• [EXERCISE DETAILS]: The entries below contain a stretch that opens with the line containing "Lemma sumk_nonneg m" and closes with the line containing "- apply ex_derive_ext"; set down that stretch exactly, both ends included, and nothing else.

• [INFORMATION PROVIDED]:
++++++++++++++++++++

(* For any integer $m\ge1$ there exists $\varepsilon>0$ small enough such that on $I(m,\varepsilon)$, with $f_1,f_2,f_3$ the first three eigenfunctions of the Laplacian: (a) the first three eigenvalues are simple; (b) $f_2\circ\psi=-f_2$ and $N(f_2)=m$; (c) $f_3\circ\psi=f_3$ and $N(f_3)=2$.
   Context: $I(m,\varepsilon)$ is the metric graph with vertices $v_1,v_2,v_3,v_4$, an edge $e_1$ of length $1/2$ from $v_1$ to $v_2$, an edge $e_2$ of length $1/2$ from $v_3$ to $v_4$, and $m$ parallel edges of length $\varepsilon$ joining $v_2$ and $v_3$. The Laplacian $-\frac{d^2}{dx^2}$ acts edgewise with Dirichlet conditions at $v_1,v_4$ and Neumann–Kirchhoff conditions (continuity and vanishing sum of outgoing derivatives) at $v_2,v_3$; eigenvalues are ordered increasingly with multiplicity, with $L^2$-orthogonal eigenfunctions $f_1,f_2,\dots$. $\psi:I(m,\varepsilon)\to I(m,\varepsilon)$ is the reflection symmetry exchanging $v_1\leftrightarrow v_4$, $v_2\leftrightarrow v_3$, mapping $e_1$ isometrically onto $e_2$ and each small edge onto itself with orientation reversed. $N(f)$ is the number of zeroes of $f$ other than at $v_1,v_4$. *)

From Stdlib Require Import Reals Lra List.
From Coquelicot Require Import Coquelicot.
Open Scope R_scope.

(* A function on the metric graph I(m,eps), given edgewise.
   e1 : coordinate x in [0,1/2], x = 0 is v1, x = 1/2 is v2.
   e2 : coordinate x in [0,1/2], x = 0 is v3, x = 1/2 is v4.
   small edge k (k < m) : coordinate x in [0,eps], x = 0 is v2, x = eps is v3. *)
Record gfun := mkGfun { ge1 : R -> R; ge2 : R -> R; gs : nat -> R -> R }.

Definition gzero : gfun := mkGfun (fun _ => 0) (fun _ => 0) (fun _ _ => 0).
Definition gscale (c : R) (f : gfun) : gfun :=
  mkGfun (fun x => c * ge1 f x) (fun x => c * ge2 f x) (fun k x => c * gs f k x).
Definition gopp (f : gfun) : gfun := gscale (-1) f.

Definition geq (m : nat) (eps : R) (f g : gfun) : Prop :=
  (forall x, 0 <= x <= 1/2 -> ge1 f x = ge1 g x) /\
  (forall x, 0 <= x <= 1/2 -> ge2 f x = ge2 g x) /\
  (forall k, (k < m)%nat -> forall x, 0 <= x <= eps -> gs f k x = gs g k x).

Definition psi_comp (eps : R) (f : gfun) : gfun :=
  mkGfun (fun x => ge2 f (1/2 - x)) (fun x => ge1 f (1/2 - x))
         (fun k x => gs f k (eps - x)).

Definition sumk (m : nat) (F : nat -> R) : R :=
  fold_right Rplus 0 (map F (seq 0 m)).

(* edgewise equation  -u'' = lam u  (solutions are smooth; we take the
   unique smooth extension to the whole line). *)
Definition edge_ode (lam : R) (u : R -> R) : Prop :=
  forall x, ex_derive u x /\ ex_derive (Derive u) x /\
            - Derive (Derive u) x = lam * u x.

(* f is an eigenfunction (possibly zero) of the Laplacian on I(m,eps) with
   Dirichlet conditions at v1, v4 and Neumann-Kirchhoff conditions at v2, v3,
   for the eigenvalue lam. *)
Definition is_eigfun (m : nat) (eps lam : R) (f : gfun) : Prop :=
  edge_ode lam (ge1 f) /\ edge_ode lam (ge2 f) /\
  (forall k, (k < m)%nat -> edge_ode lam (gs f k)) /\
  ge1 f 0 = 0 /\ ge2 f (1/2) = 0 /\
  (forall k, (k < m)%nat -> gs f k 0 = ge1 f (1/2)) /\
  (forall k, (k < m)%nat -> gs f k eps = ge2 f 0) /\
  (* Kirchhoff at v2: sum of outgoing derivatives vanishes *)
  - Derive (ge1 f) (1/2) + sumk m (fun k => Derive (gs f k) 0) = 0 /\
  Derive (ge2 f) 0 - sumk m (fun k => Derive (gs f k) eps) = 0.

Definition is_eigenvalue (m : nat) (eps lam : R) : Prop :=
  exists f, is_eigfun m eps lam f /\ ~ geq m eps f gzero.

Definition simple_eig (m : nat) (eps lam : R) (f : gfun) : Prop :=
  is_eigfun m eps lam f /\ ~ geq m eps f gzero /\
  forall g, is_eigfun m eps lam g -> exists c, geq m eps g (gscale c f).

(* Points of I(m,eps) other than v1, v4, each with a unique representative:
   v2 is PE1 (1/2), v3 is PE2 0, small edges contribute interior points. *)
Inductive gpoint := PE1 (x : R) | PE2 (x : R) | PS (k : nat) (x : R).

Definition valid_pt (m : nat) (eps : R) (p : gpoint) : Prop :=
  match p with
  | PE1 x => 0 < x <= 1/2
  | PE2 x => 0 <= x < 1/2
  | PS k x => (k < m)%nat /\ 0 < x < eps
  end.

Definition geval (f : gfun) (p : gpoint) : R :=
  match p with
  | PE1 x => ge1 f x
  | PE2 x => ge2 f x
  | PS k x => gs f k x
  end.

Definition num_zeros (m : nat) (eps : R) (f : gfun) (n : nat) : Prop :=
  exists l : list gpoint, NoDup l /\ length l = n /\
    forall p, In p l <-> (valid_pt m eps p /\ geval f p = 0).

(* Write an eigenvalue as [lam = (2 th)^2].  An eigenfunction is [A sin (2 th x)] on e1 and
   [D sin (2 th (1/2 - x))] on e2, and continuity at v2, v3 determines it on every small edge;
   the two Kirchhoff conditions then become [(A + D) even_secular th = 0] and
   [(A - D) odd_secular th = 0], the two factors governing the modes even and odd under psi.
   For [eps < 1/3] the half-edge phase [eps th] lies in (0, PI/2) whenever [th <= 3 PI/2], and
   quadrant-by-quadrant sign and monotonicity arguments show that on (0, 3 PI/2]
   [even_secular] vanishes exactly at some [t1] in (0, PI/2) and [t3] in (PI, 3 PI/2), and
   [odd_secular] exactly at some [t2] in (PI/2, PI).  Nonpositive eigenvalues are excluded by
   Green's formula.  The odd mode at [t2] vanishes only at the midpoints of the [m] small edges,
   the even mode at [t3] only at one interior point of each long edge. *)

From Stdlib Require Import Reals List Lra Lia.
From Coquelicot Require Import Coquelicot.
Open Scope R_scope.

Lemma sumk_S m F : sumk (S m) F = sumk m F + F m.
Proof.
  unfold sumk. rewrite seq_S, map_app, fold_right_app. simpl.
  induction (map F (seq 0 m)) as [|h t IH]; simpl; [ring | rewrite IH; ring].
Qed.

Lemma sumk_ext m F G : (forall j, (j < m)%nat -> F j = G j) -> sumk m F = sumk m G.
Proof. induction m as [|m IH]; intros h; [reflexivity|]. rewrite !sumk_S, IH, h; auto. Qed.

Lemma sumk_const m F a : (forall j, (j < m)%nat -> F j = a) -> sumk m F = INR m * a.
Proof.
  induction m as [|m IH]; intros h; [unfold sumk; simpl; ring|].
  rewrite sumk_S, IH, h, S_INR by auto. ring.
Qed.

Lemma sumk_lin m F G a b :
  sumk m (fun j => a * F j + b * G j) = a * sumk m F + b * sumk m G.
Proof. induction m as [|m IH]; [unfold sumk; simpl; ring|]. rewrite !sumk_S, IH. ring. Qed.

Lemma sumk_nonneg m F : (forall j, (j < m)%nat -> 0 <= F j) -> 0 <= sumk m F.
Proof.
  induction m as [|m IH]; intros h; [unfold sumk; simpl; lra|].
  rewrite sumk_S. pose proof (h m (Nat.lt_succ_diag_r m)). pose proof (IH ltac:(auto)). lra.
Qed.

Lemma sumk_eq0_nonneg m F : (forall j, (j < m)%nat -> 0 <= F j) -> sumk m F = 0 ->
  forall j, (j < m)%nat -> F j = 0.
Proof.
  induction m as [|m IH]; intros h e j hj; [lia|].
  rewrite sumk_S in e. pose proof (h m (Nat.lt_succ_diag_r m)).
  pose proof (sumk_nonneg m F ltac:(auto)).
  destruct (Nat.eq_dec j m) as [->|]; [lra|]. apply IH; auto; lra || lia.
Qed.

Lemma edge_ode_is_derive lam u : edge_ode lam u -> forall x, is_derive u x (Derive u x).
Proof. intros H x. apply Derive_correct, H. Qed.

Lemma edge_ode_is_derive2 lam u :
  edge_ode lam u -> forall x, is_derive (Derive u) x (- lam * u x).
Proof.
  intros H x. destruct (H x) as [_ [hd e]].
  replace (- lam * u x) with (Derive (Derive u) x) by lra. apply Derive_correct, hd.
Qed.

Lemma edge_ode_intro lam u du : (forall x, is_derive u x (du x)) ->
  (forall x, is_derive du x (- lam * u x)) -> edge_ode lam u.
Proof.
  intros h1 h2 x.
  assert (e : forall t, Derive u t = du t) by (intro t; apply is_derive_unique, h1).
  split; [eexists; apply h1|split].
  - apply ex_derive_ext with du; [intro t; symmetry; apply e | eexists; apply h2].
  - rewrite (Derive_ext _ _ x e), (is_derive_unique _ _ _ (h2 x)). ring.
Qed.

Lemma edge_ode_ext lam u v : (forall x, u x = v x) -> edge_ode lam u -> edge_ode lam v.
Proof.
  intros e H. apply edge_ode_intro with (Derive u).
  - intro x. apply is_derive_ext with u; [apply e | apply (edge_ode_is_derive _ _ H)].
  - intro x. rewrite <- e. apply (edge_ode_is_derive2 _ _ H).
Qed.

Lemma edge_ode_minus lam u v : edge_ode lam u -> edge_ode lam v ->
  edge_ode lam (fun x => u x - v x).
Proof.
  intros Hu Hv. apply edge_ode_intro with (fun x => Derive u x - Derive v x); intro x.
  - apply (is_derive_minus u v); [apply (edge_ode_is_derive lam) | apply (edge_ode_is_derive lam)];
      assumption.
  - replace (- lam * (u x - v x)) with (- lam * u x - - lam * v x) by ring.
    apply (is_derive_minus (Derive u) (Derive v)); apply edge_ode_is_derive2; assumption.
Qed.

Lemma edge_ode_harmonic k a b x0 :
  edge_ode (k * k) (fun x => a * cos (k * (x - x0)) + b * sin (k * (x - x0))).
Proof.
  apply edge_ode_intro with
    (fun x => k * (- a * sin (k * (x - x0)) + b * cos (k * (x - x0)))); intro x;
    auto_derive; auto; unfold Rminus; ring.
Qed.

Lemma is_derive_0_const (E : R -> R) : (forall t, is_derive E t 0) -> forall a b, E a = E b.
Proof.
  intros h a b. destruct (Rtotal_order a b) as [l|[->|l]]; [| reflexivity |].
  - apply (eq_is_derive E a b); auto.
  - symmetry; apply (eq_is_derive E b a); auto.
Qed.
(* Let $\alpha = 1-\frac{1}{W_{-1}(-2/e^3)+1}\approx 1.3871$, where $W_{-1}$ is the lower real branch of the Lambert $W$-function. For any $\epsilon>0$ and $\frac12>\delta>0$, for any fully-dynamic bin packing algorithm $\mathcal{A}$ with asymptotic competitive ratio $(\alpha-\epsilon)$ and additive term $o(\epsilon\cdot n^{\delta})$, there exists a fully-dynamic bin packing input with $n$ items on which $\mathcal{A}$ uses recourse at least $\Omega(\epsilon^2\cdot n^{1-\delta})$ under unit movement costs.
   Context: Fully-dynamic bin packing: a sequence of updates, each inserting or deleting an item; each item $i$ has a size $s_i\in[0,1]$ and a movement cost $c_i\ge 0$. At each time $t$ the algorithm must maintain a packing of the current set of items $\mathcal{I}_t$ into unit-capacity bins; $OPT(\mathcal{I}_t)$ is the minimum number of unit bins needed for $\mathcal{I}_t$. Moving item $i$ between bins costs $c_i$. An algorithm has asymptotic competitive ratio $\alpha'$, additive term $\beta$ and (amortized) recourse $\gamma$ if at every time $t$ it uses at most $\alpha'\cdot OPT(\mathcal{I}_t)+\beta$ bins and its total movement cost up to time $t$ is at most $\gamma\sum_{i=1}^t c_i$, where $c_i$ is the cost of the item updated at time $i$. Unit movement costs: $c_i=1$ for all items. *)

From Stdlib Require Import Reals List Arith Lia Lra.
Import ListNotations.
Open Scope bool_scope.
Open Scope R_scope.

Definition is_LambertWm1 (x w : R) : Prop := w <= -1 /\ w * exp w = x.

(** The item
    inserted by the update at position [i] (0-based) is identified with [i];
    [Del j] deletes the item inserted at position [j]. *)
Inductive update : Type :=
| Ins (s : R)
| Del (j : nat).

Definition is_ins (u : update) : bool :=
  match u with Ins _ => true | Del _ => false end.

Definition is_del_of (i : nat) (u : update) : bool :=
  match u with Del j => Nat.eqb j i | Ins _ => false end.

Definition activeb (sigma : list update) (p i : nat) : bool :=
  Nat.ltb i p
  && (match nth_error sigma i with Some (Ins _) => true | _ => false end)
  && negb (existsb (is_del_of i) (firstn p sigma)).

Definition active_items (sigma : list update) (p : nat) : list nat :=
  filter (activeb sigma p) (seq 0 p).

Definition item_size (sigma : list update) (i : nat) : R :=
  match nth_error sigma i with Some (Ins s) => s | _ => 0 end.

Definition valid_input (sigma : list update) : Prop :=
  (forall i s, nth_error sigma i = Some (Ins s) -> 0 <= s <= 1) /\
  (forall p j, nth_error sigma p = Some (Del j) -> activeb sigma p j = true).

Definition num_items (sigma : list update) : nat := length (filter is_ins sigma).

Definition packing := nat -> nat.

Definition load (sigma : list update) (p : nat) (f : packing) (b : nat) : R :=
  fold_right Rplus 0
    (map (item_size sigma) (filter (fun i => Nat.eqb (f i) b) (active_items sigma p))).

Definition feasible (sigma : list update) (p : nat) (f : packing) : Prop :=
  forall b, load sigma p f b <= 1.

Definition bins_used (sigma : list update) (p : nat) (f : packing) : nat :=
  length (nodup Nat.eq_dec (map f (active_items sigma p))).

Definition packable_in (sigma : list update) (p k : nat) : Prop :=
  exists f : packing, feasible sigma p f /\
    forall i, In i (active_items sigma p) -> (f i < k)%nat.

Definition is_OPT (sigma : list update) (p k : nat) : Prop :=
  packable_in sigma p k /\ forall k', packable_in sigma p k' -> (k <= k')%nat.

(** A deterministic online algorithm: the packing it maintains after a
    prefix of updates is a function of that prefix. *)
Definition algorithm := list update -> packing.

Definition alg_state (A : algorithm) (sigma : list update) (p : nat) : packing :=
  A (firstn p sigma).

Definition competitive (A : algorithm) (ratio : R) (beta : nat -> R) : Prop :=
  forall sigma, valid_input sigma ->
  forall p, (p <= length sigma)%nat ->
    feasible sigma p (alg_state A sigma p) /\
    forall k, is_OPT sigma p k ->
      INR (bins_used sigma p (alg_state A sigma p)) <= ratio * INR k + beta (num_items sigma).

Definition moves_at (A : algorithm) (sigma : list update) (p : nat) : nat :=
  length (filter (fun i => activeb sigma p i &&
                    negb (Nat.eqb (alg_state A sigma p i) (alg_state A sigma (p - 1) i)))
                 (active_items sigma (p - 1))).

Definition moves (A : algorithm) (sigma : list update) (t : nat) : nat :=
  fold_right Nat.add 0%nat (map (moves_at A sigma) (seq 1 t)).

(** A uses (amortized) recourse at least r on sigma (unit movement costs):
    r is not below the recourse, i.e. at some time t the movement cost so far
    is at least r times the sum of update costs (= t). *)
Definition recourse_at_least (A : algorithm) (sigma : list update) (r : R) : Prop :=
  exists t, (1 <= t <= length sigma)%nat /\ INR (moves A sigma t) >= r * INR t.

Definition little_o (g h : nat -> R) : Prop :=
  forall eta, 0 < eta -> exists N, forall n, (N <= n)%nat -> Rabs (g n) <= eta * Rabs (h n).

(* The adversary keeps small items of total volume [V ~ n^delta] present throughout and plays
   rounds. Before each round it looks at the algorithm's packing and picks a level [j], with
   [j/H] between about [a'/(1+a')] and [1/2], such that more than about [a' V H / j] bins are
   loaded above [(j+1)/H]; here [a'] is slightly below [a* = alpha - 1]. It then inserts
   [~ V H / j] large items of size [1 - j/H] and deletes them again. The large items need
   distinct bins, each of which keeps room for only [j/H] of small items, while [OPT] is
   the number of large items; so with ratio [1 + a'] the algorithm must unload [1/H ~ eps]
   from each of [Omega(eps V)] heavy bins in every round. As small items have size [~ 2V/n],
   that is [Omega(eps^2 n)] moves per round, against [O(n)] updates for the [Theta(n/V)]
   rounds.
   A suitable level always exists: otherwise the layer-cake formula bounds the volume by
   [V (2a' + a' ln ((1+a')/(2a'))) + o(V) < V], since [a*] is the root of
   [ln ((1+a)/(2a)) = 1/a - 2], which is where the Lambert function comes from. *)

From Stdlib Require Import Reals List Lia Lra Bool Classical ZArith.
Import ListNotations.
Open Scope R_scope.
Lemma coordP i : coord_spec i (i == iu) (i == iv) (isY i) (isZ i).
Proof.
have [->|u'] := eqVneq i iu; first by rewrite iu_neq_iv isY_iu isZ_iu; constructor.
have [->|v'] := eqVneq i iv; first by rewrite isY_iv isZ_iv; constructor.
move: u' v'; rewrite /isY /isZ eq_iu eq_iv; case: i => [[|[|k]] ki] //= _ _.
by case: (ltnP k.+2 (n.-1 + 2)) => ?; constructor; rewrite /isY /isZ //= ltnNge; apply/negP.
Qed.

Lemma isZ_isY i : isZ i -> isY i = false.
Proof. by case: coordP. Qed.

Lemma ucoord_upd z i t : ucoord (upd z i t) = if i == iu then t else ucoord z.
Proof. by rewrite /ucoord /upd eq_sym. Qed.

Lemma vcoord_upd z i t : vcoord (upd z i t) = if i == iv then t else vcoord z.
Proof. by rewrite /vcoord /upd eq_sym. Qed.

Definition partner i := if i == iu then iv else if i == iv then iu else i.

Lemma partnerK : involutive partner.
Proof.
move=> i; rewrite /partner.
have [->|u'] := eqVneq i iu; first by rewrite iv_neq_iu !eqxx.
have [->|v'] := eqVneq i iv; first by rewrite eqxx.
by rewrite (negbTE u') (negbTE v').
Qed.

Lemma partner_id i : isY i || isZ i -> partner i = i.
Proof. by rewrite /partner; case: coordP. Qed.

Lemma partner_iu : partner iu = iv.
Proof. by rewrite /partner eqxx. Qed.

Lemma partner_iv : partner iv = iu.
Proof. by rewrite /partner iv_neq_iu eqxx. Qed.

Lemma ffun_uv z : ffun z = - (ucoord z * vcoord z).
Proof. by rewrite /ffun !RealsE. Qed.

Lemma taufun_uv z : taufun z = vcoord z + ucoord z.
Proof. by rewrite /taufun !RealsE. Qed.

Lemma rfun_uv z : rfun z = vcoord z - ucoord z.
Proof. by rewrite /rfun !RealsE. Qed.

Definition conf_y z := 4 / (1 + ynorm2 z) ^+ 2.
Definition conf_z z := 4 / (1 + znorm2 z) ^+ 2.

Lemma conf_y_gt0 z : 0 < conf_y z.
Proof.
have y0 : 0 <= ynorm2 z by apply: sumr_ge0 => i _; apply: sqr_ge0.
by rewrite divr_gt0 ?exprn_gt0 //; lra.
Qed.

Lemma conf_z_gt0 z : 0 < conf_z z.
Proof.
have z0 : 0 <= znorm2 z by apply: sumr_ge0 => i _; apply: sqr_ge0.
by rewrite divr_gt0 ?exprn_gt0 //; lra.
Qed.

Lemma conf_y_upd z i t : ~~ isY i -> conf_y (upd z i t) = conf_y z.
Proof.
move=> iY; congr (4 / (1 + _) ^+ 2); apply: eq_bigr => j jY.
by rewrite /upd; case: eqP => // ji; move: iY; rewrite -ji jY.
Qed.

++++++++++++++++++++

• [YOUR SOLUTION]:
Lemma sumk_nonneg m F : (forall j, (j < m)%nat -> 0 <= F j) -> 0 <= sumk m F.
Proof.
  induction m as [|m IH]; intros h; [unfold sumk; simpl; lra|].
  rewrite sumk_S. pose proof (h m (Nat.lt_succ_diag_r m)). pose proof (IH ltac:(auto)). lra.
Qed.

Lemma sumk_eq0_nonneg m F : (forall j, (j < m)%nat -> 0 <= F j) -> sumk m F = 0 ->
  forall j, (j < m)%nat -> F j = 0.
Proof.
  induction m as [|m IH]; intros h e j hj; [lia|].
  rewrite sumk_S in e. pose proof (h m (Nat.lt_succ_diag_r m)).
  pose proof (sumk_nonneg m F ltac:(auto)).
  destruct (Nat.eq_dec j m) as [->|]; [lra|]. apply IH; auto; lra || lia.
Qed.

Lemma edge_ode_is_derive lam u : edge_ode lam u -> forall x, is_derive u x (Derive u x).
Proof. intros H x. apply Derive_correct, H. Qed.

Lemma edge_ode_is_derive2 lam u :
  edge_ode lam u -> forall x, is_derive (Derive u) x (- lam * u x).
Proof.
  intros H x. destruct (H x) as [_ [hd e]].
  replace (- lam * u x) with (Derive (Derive u) x) by lra. apply Derive_correct, hd.
Qed.

Lemma edge_ode_intro lam u du : (forall x, is_derive u x (du x)) ->
  (forall x, is_derive du x (- lam * u x)) -> edge_ode lam u.
Proof.
  intros h1 h2 x.
  assert (e : forall t, Derive u t = du t) by (intro t; apply is_derive_unique, h1).
  split; [eexists; apply h1|split].
  - apply ex_derive_ext with du; [intro t; symmetry; apply e | eexists; apply h2].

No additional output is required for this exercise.